Matt Dowle over 12 years

This is an interesting case. Here, 19 columns out of 20 are being replaced; the RHS of := is almost all the table. The advantage of := is greater when, say, one or two columns are added to 20, or one or two columns of 20 are modified. In those cases most of the columns are left in place and := is much faster than copying the whole table.
Matt Dowle over 12 years

Also, set() is a new function in v1.8.0 (not yet on CRAN) which provides := functionality directly. set() can be much faster than := when assigning within a loop (for easier more natural programming). There's an example in latest NEWS on homepage.
Josh O'Brien over 12 years

@MatthewDowle -- Thanks for your comments. They reminded me that, over the weekend, I'd had a nagging feeling about the answer I'd given here, and spurred me to revisit this. Obviously I had good reason to feel nagged. Please have a look at my revised answer. Also please add any of the suggestions you've got in your comments to the text of my answer, where you think they might help. I'll have a look at set(), but don't yet feel qualified to discuss it. And, once again, thanks for all of the work you put into continuing development of the data.table package!
Matt Dowle over 12 years

Aaah, that's better :-) If I could +2 I would. On the RHS of := perhaps try DT1[[cname]] instead of DT1[,cname,with=FALSE]. [[ doesn't copy (until write) so should be faster than [.data.table at whole column extract (untested guess).
Josh O'Brien over 12 years

@MatthewDowle -- I tried your suggestion of using DT1[[cname]], and it was much slower than using DT1[,cname,with=FALSE], basically as slow as my earlier 'lapply' solution. Very interesting. I'll think about this, but if you have an idea of why that is, I'd be very curious to hear your thoughts. Cheers.
Matt Dowle over 12 years

Ok just ran it. The gsub call is being passed a 1-column data.table in the example so it's fast but doesn't seem to be doing the right thing. That's an example where the drop=TRUE would come in handy, but in the meantime have to add [[1]] afterwards. Also the DT1 <- DT2 <- DT3 wouldn't actually copy on write, may need to be DT1 <- copy(DT2) <- copy(DT3), although the example doesn't seem to use those.
Josh O'Brien over 12 years

@MatthewDowle -- OK, I incorporated both of those changes, and redid the timings. It all looks good now, and is hopefully a useful reference for others.

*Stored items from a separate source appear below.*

Lemma bsearch_anchor k i kont : 1 <= k <= size P ->
  is_primary T (take k P) i -> i.-1 + k \in S ->
  exists2 c, c <= 2 * cost &
    run T S B (bsearch B (take k P) (size S).+1 0 (size S) kont) =
    charge c (run T S B (kont (index (i.-1 + k) S))).
Proof.
move=> kP pi iS; set w := take k P; have sw : size w = k by rewrite size_takel; lia.
have S_le x : x \in S -> x <= size T by move/(st_colex_minus_range textT); lia.
have mono a b : a <= b -> b < size S ->
    ~~ colex_lt (take (nth 0 S a) T) w -> ~~ colex_lt (take (nth 0 S b) T) w.
  by move=> ab bS h; apply: colex_le_trans h (st_colex_minus_sorted ab bS).
have [|||q [c [below ge cB ->]]] :=
  bsearch_spec B0 S_le mono (fuel := (size S).+1) kont (leqnn _) (leq0n _);
  [lia | by [] | by rewrite ltnn |].
set t := index (i.-1 + k) S; have tS : t < size S by rewrite index_mem.
have St : nth 0 S t = i.-1 + k by rewrite nth_index.
have tw : take (i.-1 + k) T = take i.-1 T ++ w by rewrite -[in LHS]sw take_occurs //; case: pi.
have qt : q <= t.
  by rewrite leqNgt; apply/negP => /below; rewrite St tw colex_lt_catl // colex_ltxx.
have qS : q < size S by apply: leq_ltn_trans qt tS.
have Sq : nth 0 S q = i.-1 + k.
  rewrite -sw; apply: (primary_first_colex_ge _ pi); rewrite ?sw.
  - lia.
  - exact/S_le/mem_nth.
  - exact: ge.
  - by rewrite -St; apply: st_colex_minus_sorted.
exists c; last by rewrite /t -Sq index_uniq // uniq_st_colex_minus.
have wP : size w %/ B <= size P %/ B by apply: leq_div2r; rewrite sw; case/andP: kP.
apply: (leq_trans cB); rewrite subn0.
apply: (leq_trans (leq_mul (nbits_le _) (leq_add (leqnn 2) wP))).
by move: (trunc_log _ _) (size P %/ B) => X Y; nia.
Qed.
(* Countable subadditivity of length on [0, c]: the intervals are enlarged by eps 2^-(j+2)
   and the supremum of the points up to which the partial sums dominate is shown to be c. *)
Lemma interval_cover_length (c eps : R) (a w : nat -> R) :
  0 <= c -> 0 < eps -> (forall j, 0 <= w j) ->
  (forall t, 0 <= t <= c -> exists j, a j <= t <= a j + w j) ->
  exists n, c <= sum_f_R0 w n + eps.
Proof.
  intros Hc He Hw Hcov.
  set (e := fun j => eps * (/2)^(S j) / 2).
  assert (He_pos : forall j, 0 < e j).
  { intro j. unfold e. pose proof (pow_lt (/2) (S j) ltac:(lra)). nra. }
  set (lo := fun j => a j - e j). set (up := fun j => a j + w j + e j).
  set (lam := fun j x => overlap (lo j) (up j) x).
  set (good := fun x => 0 <= x <= c /\ exists n, x <= sum_f_R0 (fun i => lam i x) n).
  assert (Hgood0 : good 0).
  { split; [lra|]. exists 0%nat. apply overlap_ge0. }
  assert (Hlub : is_lub good (sup_set good)).
  { apply sup_set_lub; [eauto|]. exists c. intros x [Hx _]; lra. }
  set (sg := sup_set good) in *.
  assert (Hsg : 0 <= sg <= c).
  { split; [apply (proj1 Hlub); exact Hgood0|]. apply (proj2 Hlub). intros x [Hx _]; lra. }
  destruct (Hcov sg Hsg) as [j Hj]. pose proof (He_pos j) as Hej.
  assert (Hlo : lo j < sg) by (unfold lo; lra).
  assert (Hup : sg < up j) by (unfold up; lra).
  destruct (classic (exists x, good x /\ lo j < x)) as [[x [Hx Hxl]]|Hn].
  2:{ exfalso. assert (sg <= lo j); [|lra]. apply (proj2 Hlub). intros x Hx.
      apply Rnot_lt_le. intro Hlt. apply Hn; eauto. }
  assert (Hxs : x <= sg) by (apply (proj1 Hlub); auto).
  destruct Hx as [Hx [n Hn]].
  set (x' := Rmin c (up j)).
  assert (Hxx' : x <= x') by (unfold x', Rmin; destruct Rle_dec; lra).
  assert (Hx'up : x' <= up j) by apply Rmin_r.
  assert (Hx'c : x' <= c) by apply Rmin_l.
  assert (Hgood' : good x').
  { split; [lra|]. exists (Nat.max n j).
    pose proof (sum_f_R0_le_index (fun i => lam i x) n (Nat.max n j)
                  (fun i => overlap_ge0 _ _ _) ltac:(lia)).
    pose proof (sum_f_R0_le_gap (fun i => lam i x') (fun i => lam i x) (Nat.max n j) j
                  (fun i => overlap_le_compat (lo i) (up i) x x' Hxx') ltac:(lia)).
    unfold lam in *. rewrite (overlap_shift (lo j) (up j) x x') in * by lra.
    lra. }
  assert (Hx's : x' <= sg) by (apply (proj1 Hlub); auto).
  unfold x', Rmin in *. destruct (Rle_dec c (up j)); [|lra].
  destruct Hgood' as [_ [m Hm]]. exists m.
  pose proof (sum_overlap_enlarged_le a w eps c m He Hw). unfold lam, lo, up, e in Hm. lra.
Qed.

Section ListSums.
Context {T : Type}.

Lemma lsum_le (f g : T -> R) l : (forall x, In x l -> f x <= g x) -> lsum f l <= lsum g l.
Proof.
  induction l as [|a l IH]; simpl; intros H; [lra|].
  pose proof (H a (or_introl eq_refl)). specialize (IH (fun x Hx => H x (or_intror Hx))). lra.
Qed.

Lemma lsum_const (k : R) (l : list T) : lsum (fun _ => k) l = INR (length l) * k.
Proof. induction l; simpl; [ring|]. rewrite IHl. destruct (length l); simpl; ring. Qed.

Lemma lsum_zero (f : T -> R) l : (forall x, In x l -> f x = 0) -> lsum f l = 0.
Proof. induction l; simpl; intros H; [auto|]. rewrite H, IHl; auto. ring. Qed.

Lemma lsum_scal (k : R) (f : T -> R) l : lsum (fun x => k * f x) l = k * lsum f l.
Proof. induction l; simpl; [ring|]. rewrite IHl; ring. Qed.

Lemma lsum_sum_f_R0 (F : T -> nat -> R) l N :
  lsum (fun p => sum_f_R0 (F p) N) l = sum_f_R0 (fun j => lsum (fun p => F p j) l) N.
Proof.
  induction l; simpl.
  - induction N; simpl; auto. rewrite <- IHN; ring.
  - rewrite IHl, <- sum_plus. reflexivity.
Qed.

Lemma lsum_filter (f : T -> R) (p : T -> bool) l :
  (forall x, In x l -> p x = false -> f x = 0) -> lsum f l = lsum f (filter p l).
Proof.
  induction l as [|a l IH]; simpl; intros H; [reflexivity|].
  rewrite IH by auto. destruct (p a) eqn:E; simpl; [reflexivity|].
  rewrite H by auto. ring.
Qed.

Lemma exists_uniform_index (P : T -> nat -> Prop) l :
  (forall p n m, (n <= m)%nat -> P p n -> P p m) ->
  (forall p, In p l -> exists n, P p n) -> exists N, forall p, In p l -> P p N.
Proof.
  intros Hm. induction l as [|a l IH]; intros H.
  - exists 0%nat; intros p [].
  - destruct (H a (or_introl eq_refl)) as [n Hn].
    destruct IH as [N HN]; [intros; apply H; simpl; auto|].
    exists (Nat.max n N). intros p [<-|Hp].
    + apply (Hm a n); [lia|exact Hn].
    + apply (Hm p N); [lia|auto].
Qed.

End ListSums.

Section Packing.
Variables (X : Banach) (S : X -> Prop) (Es : nat -> X -> Prop) (c delta : R).
Hypothesis Es_cover : forall x, S x -> exists i, Es i x.
Hypothesis Es_small : forall i x y, Es i x -> Es i y -> Defs.dist x y <= delta.

Definition touches (p : X) (j : nat) : Prop :=
  exists x, S x /\ Es j x /\ Defs.dist x p <= c.

Definition touching_diam (p : X) (j : nat) : R :=
  if excluded_middle_informative (touches p j) then diam (Es j) else 0.

Lemma touching_diam_ge0 p j : 0 <= touching_diam p j.
Proof. unfold touching_diam; destruct excluded_middle_informative; [apply diam_ge0|lra]. Qed.

Let Es_dist_le_diam j x y : Es j x -> Es j y -> Defs.dist x y <= diam (Es j).
Proof. intros. apply dist_le_diam with (M := delta); auto. intros; eapply Es_small; eauto. Qed.

(* The distances to p of the points of S near p fill [0, c], and a covering set touching p
   contributes an interval of length 2 diam to this image. *)
Lemma touching_diam_cover p q eps :
  connected S -> S p -> S q -> 0 <= c <= Defs.dist q p -> 0 < eps ->
  exists n, c <= sum_f_R0 (fun j => 2 * touching_diam p j) n + eps.
Proof.
  intros Hconn Sp Sq Hc He.
  set (a := fun j => match excluded_middle_informative (touches p j) with
                     | left H => Defs.dist (proj1_sig (constructive_indefinite_description _ H)) p
                                 - diam (Es j)
                     | right _ => 0 end).
  apply (interval_cover_length c eps a); try lra.
  - intro j; pose proof (touching_diam_ge0 p j); lra.
  - intros t Ht.
    destruct (connected_dist_onto X S p q t Hconn Sp Sq ltac:(lra)) as [x [Sx <-]].
    destruct (Es_cover x Sx) as [j Ej]. exists j.
    assert (Hj : touches p j) by (exists x; repeat split; auto; lra).
    unfold a, touching_diam. destruct excluded_middle_informative as [H|]; [|contradiction].
    destruct (constructive_indefinite_description _ H) as [x0 Hx0]; simpl.
    destruct Hx0 as [_ [Ex0 _]].
    pose proof (dist_triangle X x x0 p). pose proof (dist_triangle X x0 x p).
    pose proof (Es_dist_le_diam j x x0 Ej Ex0). rewrite (dist_sym X x0 x) in *. lra.
Qed.

Lemma lsum_touching_diam_le ps j :
  delta < c -> NoDup ps ->
  (forall p p', In p ps -> In p' ps -> p <> p' -> 3 * c <= Defs.dist p p') ->
  lsum (fun p => touching_diam p j) ps <= diam (Es j).
Proof.
  intros Hdelta. induction ps as [|a ps IH]; simpl; intros Hnd Hsep; [apply diam_ge0|].
  inversion Hnd as [|? ? Ha Hnd']; subst.
  unfold touching_diam at 1. destruct excluded_middle_informative as [[x [_ [Ex Hx]]]|Hm].
  - rewrite lsum_zero; [lra|]. intros p Hp. unfold touching_diam.
    destruct excluded_middle_informative as [[y [_ [Ey Hy]]]|]; [exfalso|reflexivity].
    assert (a <> p) by (intros ->; auto).
    pose proof (Hsep a p (or_introl eq_refl) (or_intror Hp) ltac:(assumption)).
    pose proof (dist_triangle X a x p). pose proof (dist_triangle X x y p).
    pose proof (Es_small j x y Ex Ey). rewrite dist_sym in Hx. lra.
  - assert (lsum (fun p => touching_diam p j) ps <= diam (Es j)); [|lra].
    apply IH; auto.
Qed.

End Packing.

Lemma separated_points_H1 (X : Banach) (S : X -> Prop) h c (ps : list X) :
  connected S -> H1_le S h -> 0 < c -> NoDup ps ->
  (forall p, In p ps -> S p /\ exists q, S q /\ c <= Defs.dist q p) ->
  (forall p p', In p ps -> In p' ps -> p <> p' -> 3 * c <= Defs.dist p p') ->
  INR (length ps) * c <= 2 * h.
Proof.
  intros Hconn HH Hc Hnd Hps Hsep.
  set (N := INR (length ps)). assert (HN : 0 <= N) by apply pos_INR.
  apply Rle_plus_epsilon. intros eps0 He0.
  set (eps := eps0 / (N + 2)).
  assert (He : 0 < eps) by (apply Rdiv_lt_0_compat; lra).
  destruct (HH (c/2) ltac:(lra) eps He) as [Es [Hcov [Hsmall Hsum]]].
  destruct (exists_uniform_index
              (fun p n => c <= sum_f_R0 (fun j => 2 * touching_diam X S Es c p j) n + eps) ps)
    as [M HM].
  { intros p n m Hnm Hn.
    assert (sum_f_R0 (fun j => 2 * touching_diam X S Es c p j) n
            <= sum_f_R0 (fun j => 2 * touching_diam X S Es c p j) m); [|lra].
    apply sum_f_R0_le_index; [|exact Hnm]. intro i.
    pose proof (touching_diam_ge0 X S Es c p i). lra. }
  { intros p Hp. destruct (Hps p Hp) as [Sp [q [Sq Hq]]].
    apply (touching_diam_cover X S Es c (c/2) Hcov Hsmall p q eps Hconn Sp Sq); lra. }
  assert (H1 : lsum (fun _ => c - eps) ps
               <= lsum (fun p => sum_f_R0 (fun j => 2 * touching_diam X S Es c p j) M) ps).
  { apply lsum_le. intros p Hp. specialize (HM p Hp). lra. }
  rewrite lsum_const, lsum_sum_f_R0 in H1.
  assert (H2 : sum_f_R0 (fun j => lsum (fun p => 2 * touching_diam X S Es c p j) ps) M
               <= sum_f_R0 (fun j => diam (Es j) * 2) M).
  { apply sum_growing. intro j. rewrite lsum_scal.
    pose proof (lsum_touching_diam_le X S Es c (c/2) Hsmall ps j ltac:(lra) Hnd Hsep). lra. }
  rewrite <- scal_sum in H2. specialize (Hsum M).
  assert (Hbound : N * c <= 2 * h + eps * (N + 2)) by (fold N in H1; nra).
  unfold eps in Hbound. replace (eps0 / (N + 2) * (N + 2)) with eps0 in Hbound by (field; lra).
  lra.
Qed.

Lemma H1_le_ge0 (X : Banach) (S : X -> Prop) h : H1_le S h -> 0 <= h.
Proof.
  intros HH. apply Rle_plus_epsilon. intros eps He.
  destruct (HH 1 ltac:(lra) eps He) as [Es [_ [_ Hsum]]].
  specialize (Hsum 0%nat). pose proof (diam_ge0 X (Es 0%nat)). simpl in Hsum. lra.
Qed.

Lemma connected_dist_le_H1 (X : Banach) (S : X -> Prop) h y z :
  connected S -> H1_le S h -> S y -> S z -> Defs.dist y z <= 2 * h.
Proof.
  intros Hconn HH Sy Sz.
  destruct (dist_ge0 X y z) as [Hyz|<-]; [|pose proof (H1_le_ge0 X S h HH); lra].
  pose proof (separated_points_H1 X S h (Defs.dist y z) (z :: nil) Hconn HH Hyz) as H.
  simpl in H. rewrite Rmult_1_l in H. apply H.
  - repeat constructor. intros [].
  - intros p [<-|[]]. split; auto. exists y; split; auto; lra.
  - intros p p' [<-|[]] [<-|[]] Hne; congruence.
Qed.

Lemma connected_dist_le_diam (X : Banach) (S : X -> Prop) h y z :
  connected S -> H1_le S h -> S y -> S z -> Defs.dist y z <= diam S.
Proof.
  intros Hconn HH. apply dist_le_diam with (M := 2 * h).
  intros; apply (connected_dist_le_H1 X S); auto.
Qed.

Lemma connected_diam_le_H1 (X : Banach) (S : X -> Prop) h :
  connected S -> H1_le S h -> diam S <= 2 * h.
Proof.
  intros Hconn HH. apply diam_le; [|pose proof (H1_le_ge0 X S h HH); lra].
  intros; apply (connected_dist_le_H1 X S); auto.
Qed.

Lemma exists_far_point (X : Banach) (S : X -> Prop) p c :
  0 <= c -> 2 * c < diam S -> exists q, S q /\ c <= Defs.dist q p.
Proof.
  intros Hc Hd. apply NNPP. intros Hn.
  assert (diam S <= 2 * c); [|lra].
  apply diam_le; [|lra]. intros y z Sy Sz.
  assert (Hy : Defs.dist y p < c) by (apply Rnot_le_lt; intro; apply Hn; eauto).
  assert (Hz : Defs.dist z p < c) by (apply Rnot_le_lt; intro; apply Hn; eauto).
  pose proof (dist_triangle X y p z). rewrite (dist_sym X p z) in *. lra.
Qed.

Lemma beta_gt0_diam_gt0 (X : Banach) (E Q : X -> Prop) : 0 < beta E Q -> 0 < diam Q.
Proof. unfold beta. destruct excluded_middle_informative as [[HQ _]|]; [auto|lra]. Qed.

(* The line through the centre in any direction is within distance min(m, r) of every
   point of S in the ball. *)
Lemma beta_mul_diam_ball_le (X : Banach) (S : X -> Prop) x r m :
  0 <= r -> S x -> (forall y, S y -> Defs.dist y x <= m) ->
  beta S (Defs.ball x r) * diam (Defs.ball x r) <= Rmin m r.
Proof.
  intros HR Sx Hm.
  set (D := diam (Defs.ball x r)).
  assert (Hmin : 0 <= Rmin m r).
  { apply Rmin_glb; auto. specialize (Hm x Sx). rewrite dist_refl in Hm. exact Hm. }
  unfold beta. fold D. destruct excluded_middle_informative as [[HD _]|]; [|lra].
  destruct (diam_gt0_nonzero_vector X _ HD) as [v Hv].
  set (L0 := fun y => exists t : R, y = vadd X x (vscal X t v)).
  assert (HL0 : is_line X L0) by (exists x, v; split; auto; intro y; tauto).
  assert (HxL0 : L0 x) by (exists 0; rewrite vscal_0, vadd_0; auto).
  set (b0 := sup_set (fun d => exists y, S y /\ Defs.ball x r y /\ d = dist_set X y L0 / D)).
  assert (Hb0 : b0 <= Rmin m r / D).
  { apply sup_set_le; [|apply Rle_mult_inv_pos; lra].
    intros d [y [Sy [By ->]]]. apply Rmult_le_compat_r; [left; apply Rinv_0_lt_compat; lra|].
    apply Rle_trans with (Defs.dist y x).
    - apply inf_set_le with (M := 0); [exists x; auto|]. intros z [w [_ ->]]. apply dist_ge0.
    - apply Rmin_glb; [apply Hm; exact Sy|exact By]. }
  assert (Hbeta : inf_set (fun b => exists L, is_line X L /\
            b = sup_set (fun d => exists y, S y /\ Defs.ball x r y /\ d = dist_set X y L / D))
          <= b0).
  { apply inf_set_le with (M := 0); [exists L0; split; auto|].
    intros y [L [_ ->]]. apply sup_set_ge0. intros d [z [_ [_ ->]]].
    apply Rle_mult_inv_pos; [|lra]. apply inf_set_ge0. intros w [w' [_ ->]]. apply dist_ge0. }
  apply (Rmult_le_reg_r (/ D)); [apply Rinv_0_lt_compat; lra|].
  rewrite Rmult_assoc, Rinv_r by lra. lra.
Qed.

Thanks.
Matt Dowle over 12 years

Doesn't seem right. The DT1[[cname]][[1]] is getting the first item only which may be why it's so fast, then := is recycling that down the column. It appears to work in this case because the example is the same string. Should be just DT1[[cname]] then it'll be the correct (slower) speed.
Josh O'Brien over 12 years

@MatthewDowle -- I agree that this isn't right, but I'm all turned around re: what the best method is. I think I should revert this to my original answer, where it was at revision 6, after you made the minor edit correcting the the data.table version I referenced from 1.7.10 to 1.7.8. Please advise me on this, and I'll perform the rollback or otherwise edit the post. (Seems like the takehome here is that being able to put multiple columns on the LHS of := can be useful, but not so much if you are replacing nearly all of the columns).
Matt Dowle over 12 years

Yes that's the takehome (my first comment above as it turns out ;)) However, there are still two big advantages of multiple LHS: i) deleting many columns (instantly) using :=NULL and ii) if the 20 column table is 50GB in RAM then looping := by column will only need one column's worth of working memory at a time to get the job done, whereas an lapply'd RHS needs a full copy (maybe even two full copies) and may well return the dreaded out of memory error.
Konstantinos over 8 years

Defining DT1 returns an error: DT1 <- data.table(1:1e6, + as.data.table(replicate(1e6, paste(sample(letters, nr, TRUE), + sample(letters, nr, TRUE))))) Error in sample.int(length(x), size, replace, prob) : object 'nr' not found
Konstantinos over 8 years

Proposed solution: DT1 <- data.table(1:1e6, as.data.table(replicate(19, paste(sample(letters, 2, TRUE), sample(letters, 2, TRUE)))))
Hack-R about 7 years

Sorry, what's nr? Code breaks on that when I try to run it
amonk almost 7 years

@Hack-R nr=20 deciphering the comments